To use a more common language and tool as an example: I can't build GCC without already having a working C++ compiler. Granted, GCC will accept any reasonably conformant C++98 compiler, but still... If I'm bootstrapping GCC on Linux (or almost any other major *nix), that compiler's almost always going to be another copy of GCC.
If getting started with Rust on another platform is indeed so difficult, I'd think it would be a better use of their resources to make sure that cross-compilation is functional, rather than messing around with distributing LLVM IR and stuff. If I'm building a C/C++ build environment for a new platform, a cross-compile of my tools is probably how I'd start.
According to this, there have been 290 snapshots in total.

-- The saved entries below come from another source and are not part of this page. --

(* Let $\mathcal{B}$ be a real Banach space having a pre-dual space $\mathcal{B}_*$, let $\nu_j\in\mathcal{B}_*$, $j\in\mathbb{N}_m$, be linearly independent and let $\mathbf{y}\in\mathbb{R}^m$. Then $\hat f\in\mathcal{B}$ is a solution of the minimum norm interpolation problem with data $\mathbf{y}$ if and only if $\hat f\in\mathcal{M}_{\mathbf{y}}$ and there exist $c_j\in\mathbb{R}$, $j\in\mathbb{N}_m$, such that $$\hat f\in\gamma\,\partial\|\cdot\|_{\mathcal{B}_*}\Big(\sum_{j\in\mathbb{N}_m}c_j\nu_j\Big),\qquad \gamma:=\Big\|\sum_{j\in\mathbb{N}_m}c_j\nu_j\Big\|_{\mathcal{B}_*}.$$
   Context: $\mathcal{B}$ is a real Banach space with dual $\mathcal{B}^*$ and pairing $\langle\nu,f\rangle_{\mathcal{B}}:=\nu(f)$; $\mathbb{N}_m:=\{1,\dots,m\}$; $\mathcal{L}(f):=[\langle\nu_j,f\rangle_{\mathcal{B}}:j\in\mathbb{N}_m]$, $\mathcal{M}_{\mathbf{y}}:=\{f\in\mathcal{B}:\mathcal{L}(f)=\mathbf{y}\}$; a solution of the minimum norm interpolation problem with data $\mathbf{y}$ is an $\hat f\in\mathcal{M}_{\mathbf{y}}$ with $\|\hat f\|_{\mathcal{B}}=\inf\{\|f\|_{\mathcal{B}}:f\in\mathcal{M}_{\mathbf{y}}\}$. A normed space $\mathcal{B}_*$ is a pre-dual space of $\mathcal{B}$ if $(\mathcal{B}_* )^*=\mathcal{B}$; $\mathcal{B}_*$ is regarded as a subspace of $\mathcal{B}^*$ via $\langle\nu,f\rangle_{\mathcal{B}}=\langle f,\nu\rangle_{\mathcal{B}_*}=f(\nu)$. For a convex $\phi$ on a real normed space $X$, $\partial\phi(x):=\{\mu\in X^*:\phi(z)-\phi(x)\ge\mu(z-x)\ \forall z\in X\}$; thus $\partial\|\cdot\|_{\mathcal{B}_*}(\nu)\subseteq\mathcal{B}$. *)

From HB Require Import structures.
From mathcomp Require Import all_boot all_order all_algebra.
From mathcomp Require Import all_classical all_reals all_analysis.
Set Implicit Arguments. Unset Strict Implicit. Unset Printing Implicit Defensive.
Import Order.TTheory GRing.Theory Num.Theory.
Import numFieldNormedType.Exports.
Local Open Scope classical_set_scope.
Local Open Scope ring_scope.

(* The Banach space B is realized as the (topological) dual of its pre-dual X:
   B := { f : X -> R | f linear and continuous }, with the dual (operator) norm.
   The pairing <f, nu>_{B_*} = f nu. *)

Definition dual_space {R : realType} (X : normedModType R) : set (X -> R) :=
  [set f | (forall (a : R) (x y : X), f (a *: x + y) = a * f x + f y)
           /\ continuous f].
Arguments dual_space {R} X _.

Definition dual_norm (R : realType) (X : normedModType R) (f : X -> R) : R :=
  sup [set `|f x| | x in [set x : X | `|x| <= 1]].
(* Let $n\ge 2$ be an integer, $a>0$, and let $a_0,\dots,a_{n-1}:((-a,a)\setminus\{0\})\times\mathbb{K}\to\mathbb{K}$ be arbitrary functions, where $\mathbb{K}=\mathbb{R}$ or $\mathbb{C}$. Let $f\in C^\infty(-a,a)$ be a solution of $$f^{(n)}(x)+a_{n-1}(x,f(x))f^{(n-1)}(x)+\cdots+a_0(x,f(x))f(x)=0,\qquad x\in(-a,a)\setminus\{0\},$$ such that $$|a_k(x,f(x))|=O\!\left(\frac{1}{|x|^{n-k}}\right)\quad\text{as }x\to 0,\qquad k=0,1,\dots,n-1.$$ Define $$C_n=\max_{0\le k\le n-1}\ \limsup_{x\to 0}\,|x|^{n-k}|a_k(x,f(x))|,\qquad B_n=\sum_{k=0}^{n-1}\frac1{k!}.$$ If $f^{(k)}(0)=0$ for every integer $k$ with $0\le k\le B_nC_n+n-1$, then there exists $\delta>0$ such that $f\equiv 0$ on $[-\delta,\delta]$.
   Context: The coefficients may be singular at $x=0$; the equation is only required to hold for $x\neq 0$. By the $O$-hypothesis, $C_n$ is a finite nonnegative number. *)

From Stdlib Require Import Reals Lra List Arith Factorial.
Open Scope R_scope.

(* D k is the k-th derivative of D 0 on the open interval (-a,a):
   D 0 is C^infinity on (-a,a) with derivatives D 1, D 2, ... *)
Definition derivs_on (a : R) (D : nat -> R -> R) : Prop :=
  forall (k : nat) (x : R), -a < x < a -> derivable_pt_lim (D k) x (D (S k) x).

Definition is_limsup0 (g : R -> R) (L : R) : Prop :=
  (forall e, 0 < e -> exists d, 0 < d /\
      forall x, x <> 0 -> Rabs x < d -> g x <= L + e) /\
  (forall e d, 0 < e -> 0 < d -> exists x, x <> 0 /\ Rabs x < d /\ L - e <= g x).

Definition Rsum_lt (g : nat -> R) (n : nat) : R :=
  fold_right Rplus 0 (map g (seq 0 n)).

Definition Bn (n : nat) : R := Rsum_lt (fun k => / INR (Factorial.fact k)) n.

(* max_{0<=k<=n-1} L k  (the L k are limsups of nonnegative functions,
   so taking the max together with 0 changes nothing) *)
Definition maxlist (L : nat -> R) (n : nat) : R :=
  fold_right Rmax 0 (map L (seq 0 n)).

Definition CC : Type := (R * R)%type.
Definition C0 : CC := (0, 0).
Definition Cadd (z w : CC) : CC := (fst z + fst w, snd z + snd w).
Definition Cmul (z w : CC) : CC :=
  (fst z * fst w - snd z * snd w, fst z * snd w + snd z * fst w).
Definition Cnorm (z : CC) : R := sqrt (fst z * fst z + snd z * snd z).
Definition Csum_lt (g : nat -> CC) (n : nat) : CC :=
  fold_right Cadd C0 (map g (seq 0 n)).

(* Write n + p for the order of vanishing at 0, so that p + 1 > B_n C_n, and
   fix K slightly above C_n with K B_n < p + 1.  Near 0 the equation gives
   |f^(n)(s)| <= sum_k K |s|^(k-n) |f^(k)(s)|.  On one side of 0, integrating
   the bounded (n+p)-th derivative p times gives |f^(n)(s)| <= S s^p; integrating
   n-k more times gives |f^(k)(s)| <= S s^(p+n-k) / ((p+1)...(p+n-k)), and the
   equation then returns |f^(n)(s)| <= q S s^p with q <= K B_n / (p+1) < 1.
   Iterating forces S = 0, hence f = 0. *)

From Stdlib Require Import Reals Lra List Factorial ZArith Lia.
Open Scope R_scope.

Lemma Rsum_S (g : nat -> R) (n : nat) : Rsum_lt g (S n) = Rsum_lt g n + g n.
Proof.
  unfold Rsum_lt. rewrite seq_S, map_app, fold_right_app. simpl.
  induction (map g (seq 0 n)) as [|y l IH]; simpl; [|rewrite IH]; ring.
Qed.

Lemma Rsum_Sl (g : nat -> R) (n : nat) :
  Rsum_lt g (S n) = g 0%nat + Rsum_lt (fun k => g (S k)) n.
Proof. unfold Rsum_lt. simpl. rewrite <- seq_shift, map_map. reflexivity. Qed.

Lemma Rsum_le (f g : nat -> R) (n : nat) :
  (forall k, (k < n)%nat -> f k <= g k) -> Rsum_lt f n <= Rsum_lt g n.
Proof.
  induction n as [|n IH]; intros Hfg; [unfold Rsum_lt; simpl; lra|].
  rewrite !Rsum_S. assert (f n <= g n) by (apply Hfg; lia).
  assert (Rsum_lt f n <= Rsum_lt g n) by (apply IH; intros; apply Hfg; lia). lra.
Qed.
(* Let $K\subseteq\mathbb{R}$ be compact. Then $C^1(K)=C^1(\mathbb{R}|K)$ if and only if $\sigma(\xi)<\infty$ for all $\xi\in K$.
   Context: $C^1(K)$ is the set of $f:K\to\mathbb{R}$ admitting a continuous $f':K\to\mathbb{R}$ with $\lim_{y\to x,\,y\in K\setminus\{x\}}\frac{f(y)-f(x)-f'(x)(y-x)}{|y-x|}=0$ for all $x\in K$; $C^1(\mathbb{R}|K)=\{g|_K: g\in C^1(\mathbb{R})\}$. A gap of $K$ is a bounded connected component of $\mathbb{R}\setminus K$ (a maximal bounded open interval in the complement); $\ell(G)$ denotes its length. For $\xi\in K$ and $\varepsilon>0$, $\sigma_\varepsilon(\xi)=\sup\left\{\frac{\sup\{|y-\xi|:y\in G\}}{\ell(G)}: G\subseteq(\xi-\varepsilon,\xi+\varepsilon) \text{ a gap of } K\right\}\in[0,\infty]$ with $\sup\emptyset=0$, and $\sigma(\xi)=\lim_{\varepsilon\to0}\sigma_\varepsilon(\xi)$. *)

From Stdlib Require Import Reals Rtopology.
Open Scope R_scope.

Definition C1_on (K : R -> Prop) (f : R -> R) : Prop :=
  exists f' : R -> R,
    (forall x, K x -> forall eps, 0 < eps -> exists delta, 0 < delta /\
       forall y, K y -> Rabs (y - x) < delta -> Rabs (f' y - f' x) < eps) /\
    (forall x, K x -> forall eps, 0 < eps -> exists delta, 0 < delta /\
       forall y, K y -> y <> x -> Rabs (y - x) < delta ->
         Rabs ((f y - f x - f' x * (y - x)) / Rabs (y - x)) < eps).

Definition C1_R (g : R -> R) : Prop :=
  exists g' : R -> R, (forall x, derivable_pt_lim g x (g' x)) /\ continuity g'.

Definition C1_restr (K : R -> Prop) (f : R -> R) : Prop :=
  exists g : R -> R, C1_R g /\ forall x, K x -> g x = f x.

(* The open interval (a,b) is a gap of K: a bounded connected component of
   R \ K, i.e. a maximal bounded open interval in the complement.  For an
   interval (a,b) with a < b contained in the complement, maximality is
   exactly that both endpoints lie in K. *)
Definition gap (K : R -> Prop) (a b : R) : Prop :=
  a < b /\ (forall x, a < x < b -> ~ K x) /\ K a /\ K b.

(* sup { |y - xi| : y in (a,b) } / l((a,b)) *)
Definition gap_ratio (xi a b : R) : R :=
  Rmax (Rabs (a - xi)) (Rabs (b - xi)) / (b - a).

Definition sigma_eps_le (K : R -> Prop) (xi eps M : R) : Prop :=
  forall a b, gap K a b -> xi - eps <= a -> b <= xi + eps -> gap_ratio xi a b <= M.

(* sigma(xi) = lim_{eps->0} sigma_eps(xi) < infinity.  Since sigma_eps(xi) is
   nondecreasing in eps, the limit is an infimum, so it is finite iff
   sigma_eps(xi) is finite for some eps > 0. *)
Definition sigma_finite (K : R -> Prop) (xi : R) : Prop :=
  exists eps M, 0 < eps /\ sigma_eps_le K xi eps M.

(* If sigma is finite on K, a function f in C^1(K) with derivative f' is extended by the
   cubic Hermite interpolant of (f, f') on every gap and by tangent lines beyond the
   extreme points of K.  Near x in K, a gap (a, b) on one side of x satisfies
   |a - x|, |b - x| <= M (b - a), so the slope of f across it, f'(a) and f'(b) are all
   close to f'(x); hence the interpolant and its derivative stay o(|y - x|)-, resp.
   o(1)-close to the tangent of f at x.  A single gap with endpoint x is handled by the
   smoothness of its own interpolant, and the left side of x by the reflection z |-> -z.
   Conversely, if sigma(xi) is infinite, say from the right, pick gaps (a_n, b_n)
   accumulating at xi with b_n - xi > (n + 2)(b_n - a_n) and lengths at least halving,
   and let f(y) be the length of the first gap between xi and y.  Then f is locally
   constant on K \ {xi} and o(|y - xi|) at xi, so f is in C^1(K) with f' = 0; but a C^1
   extension g would have slope >= 1/2 somewhere in every gap although g'(xi) = 0. *)

From Stdlib Require Import Reals Rtopology Lra Lia ClassicalEpsilon FunctionalExtensionality Wf_nat.
From Coquelicot Require Import Rcomplements Hierarchy Derive AutoDerive.
Open Scope R_scope.

(** * Nearest points of a closed set *)

Definition left_nearest (K : R -> Prop) (y a : R) : Prop :=
  K a /\ a <= y /\ forall k, K k -> k <= y -> k <= a.

Definition right_nearest (K : R -> Prop) (y b : R) : Prop :=
  K b /\ y <= b /\ forall k, K k -> y <= k -> b <= k.

Lemma left_nearest_unique K y a a' :
  left_nearest K y a -> left_nearest K y a' -> a = a'.
Proof.
  intros [Ka [Hay Ha]] [Ka' [Hay' Ha']]. apply Rle_antisym; auto.
Qed.

Lemma right_nearest_unique K y b b' :
  right_nearest K y b -> right_nearest K y b' -> b = b'.
Proof.
  intros [Kb [Hby Hb]] [Kb' [Hby' Hb']]. apply Rle_antisym; auto.
Qed.

Lemma left_nearest_mirror K y a :
  left_nearest (fun z => K (- z)) y a <-> right_nearest K (- y) (- a).
Proof.
  split.
  - intros [Ka [Hay Ha]]. repeat split; [exact Ka | lra |].
    intros k Kk Hk. enough (- k <= a) by lra.
    apply Ha; [rewrite Ropp_involutive; exact Kk | lra].
  - intros [Ka [Hay Ha]]. repeat split; [exact Ka | lra |].
    intros k Kk Hk. enough (- a <= - k) by lra. apply Ha; [exact Kk | lra].
Qed.

Lemma right_nearest_mirror K y b :
  right_nearest (fun z => K (- z)) y b <-> left_nearest K (- y) (- b).
Proof.
  split.
  - intros [Kb [Hby Hb]]. repeat split; [exact Kb | lra |].
    intros k Kk Hk. enough (b <= - k) by lra.
    apply Hb; [rewrite Ropp_involutive; exact Kk | lra].
  - intros [Kb [Hby Hb]]. repeat split; [exact Kb | lra |].
    intros k Kk Hk. enough (- k <= - b) by lra. apply Hb; [exact Kk | lra].
Qed.

Lemma closed_set_mirror K : closed_set K -> closed_set (fun z => K (- z)).
Proof.
  intros HK x Kx. destruct (HK (- x) Kx) as [d Hd].
  exists d. intros y Hy. apply Hd. unfold disc in *.
  replace (- y - - x) with (- (y - x)) by ring. rewrite Rabs_Ropp. exact Hy.
Qed.

Lemma left_nearest_exists K y k :
  closed_set K -> K k -> k <= y -> exists a, left_nearest K y a.
Proof.
  intros HK Kk Hky.
  destruct (completeness (fun z => K z /\ z <= y)) as [s [Hub Hleast]].
  - exists y. intros z [_ Hz]. exact Hz.
  - exists k. split; assumption.
  - assert (Hsy : s <= y) by (apply Hleast; intros z [_ Hz]; exact Hz).
    exists s. repeat split; [| exact Hsy | intros z Kz Hz; apply Hub; split; assumption].
    apply NNPP. intros Ks. destruct (HK s Ks) as [d Hd].
    assert (Hub' : is_upper_bound (fun z => K z /\ z <= y) (s - d / 2)).
    { intros z [Kz Hz]. destruct (Rle_lt_dec z (s - d / 2)) as [|Hlt]; [assumption |].
      exfalso. apply (Hd z); [| exact Kz]. unfold disc.
      pose proof (Hub z (conj Kz Hz)). pose proof (cond_pos d). apply Rabs_def1; lra. }
    pose proof (Hleast _ Hub'). pose proof (cond_pos d). lra.
Qed.

Lemma right_nearest_exists K y k :
  closed_set K -> K k -> y <= k -> exists b, right_nearest K y b.
Proof.
  intros HK Kk Hyk.
  destruct (left_nearest_exists (fun z => K (- z)) (- y) (- k)) as [a Ha].
  - apply closed_set_mirror, HK.
  - rewrite Ropp_involutive. exact Kk.
  - lra.
  - exists (- a). apply left_nearest_mirror in Ha. rewrite Ropp_involutive in Ha. exact Ha.
Qed.

Lemma nearest_gap K y a b :
  ~ K y -> left_nearest K y a -> right_nearest K y b -> gap K a b.
Proof.
  intros Ky [Ka [Hay Ha]] [Kb [Hby Hb]].
  assert (a <> y) by (intros ->; contradiction).
  assert (b <> y) by (intros ->; contradiction).
  repeat split; [lra | | exact Ka | exact Kb].
  intros z Hz Kz. destruct (Rle_lt_dec z y).
  - pose proof (Ha z Kz ltac:(lra)). lra.
  - pose proof (Hb z Kz ltac:(lra)). lra.
Qed.

(** * Cubic Hermite interpolation *)

Record cubic := Cubic
  { cubic_center : R; cubic_c0 : R; cubic_c1 : R; cubic_c2 : R; cubic_c3 : R }.

Definition cubic_eval (p : cubic) (z : R) : R :=
  cubic_c0 p + cubic_c1 p * (z - cubic_center p) + cubic_c2 p * (z - cubic_center p) ^ 2
  + cubic_c3 p * (z - cubic_center p) ^ 3.

Definition cubic_deriv (p : cubic) (z : R) : R :=
  cubic_c1 p + 2 * cubic_c2 p * (z - cubic_center p) + 3 * cubic_c3 p * (z - cubic_center p) ^ 2.

Lemma derivable_pt_lim_cubic p y : derivable_pt_lim (cubic_eval p) y (cubic_deriv p y).
Proof.
  destruct p. unfold cubic_eval, cubic_deriv; simpl.
  apply is_derive_Reals. auto_derive; [exact I | ring].
Qed.

Lemma continuity_cubic_deriv p : continuity (cubic_deriv p).
Proof.
  intros y. apply derivable_continuous_pt.
  exists (2 * cubic_c2 p + 6 * cubic_c3 p * (y - cubic_center p)).
  destruct p. unfold cubic_deriv; simpl.
  apply is_derive_Reals. auto_derive; [exact I | ring].
Qed.

Definition tangent_line (a fa da : R) : cubic := Cubic a fa da 0 0.

Lemma tangent_line_eval a fa da z :
  cubic_eval (tangent_line a fa da) z = fa + da * (z - a) /\
  cubic_deriv (tangent_line a fa da) z = da.
Proof. unfold cubic_eval, cubic_deriv, tangent_line; simpl; split; ring. Qed.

And keep in mind that you would also need to rebuild LLVM quite a few times as well during this process, as Rust has continually upgraded its custom LLVM fork over the years.
Niklaus Wirth idea was to have a portable assembly that he could use to easily bootstrap the compiler.
So porting to a new platform meant:
- setting the output format to P-Code
- compile the compiler
- write a P-Code interpreter without any attention to performance
- use it to run the compiler until the new native backend is done
This was specially important back in the day each OS had as option their own proprietary system programming language or Assembly.
Personally I like this option (using interpreters as porting tool) better than cross-compiling, as you can work directly on the target system, except in embedded platforms case.
LLVM IR is target architecture dependent, so it's not portable between machine types.
For simple projects and not-too-complex code the IR technically can be cross-platform (although I never tried whether it worked between different endians); we got a number of early prototypes actually working. We compiled IR "object files" on x64 platform and managed to link them on ARM, after a few extra disassembly steps. They even ran. This was slightly more than 3 years ago.
From my experience a more correct statement would be: "LLVM IR is mostly architecture independent." The moment you mix in extremely low-level code, such as atomics, portability of IR breaks down. The operations for atomic types are (or at least were) inlined as build-host assembly.
It was an interesting exercise nonetheless.
For an example, look at http://llvm.org/devmtg/2014-10/Slides/Skip%20the%20FFI.pdf, from page 103 to 107.
Edit: There seems to be a misunderstanding. What I am saying is that "LLVM IR is mostly architecture indepedent" is false. LLVM IR is not even remotely architecture independent and nonportability happens with even the simplest codes.
Of course that's a different proposition than e.g. compiling a C program to LLVM IR using Clang and then trying to compile that IR on a different target, or trying to interact with non-LLVM-IR functions that conform to the platform ABI.
Of course, the resulting native code may not be the best for the target, since e.g. a native integer on one platform might become a pair of smaller integers on another platform. But it could work.
With all of that said, I expect the proposal was to use the Rust compiler to compile the Rust compiler to IR, and I imagine Rust is complex enough that it must generate at least some target-specific IR. Perhaps one could take the generated IR and "normalize" it, but it's questionable whether it would be worth it.
Of course anything compiled on x64 failed to link on ARM.
I'm hacking away happily with rust now though, I quite like it so far and am curious to see where it will go from here.
Before that, cargo was always broken, if you didn't have the correct version for building it.
This will certainly change once Rust stable released.
As all things Rust, the whole ecosystem still has a huge label "in construction". The things that are supported and intended to be kept stable are quite stable, though!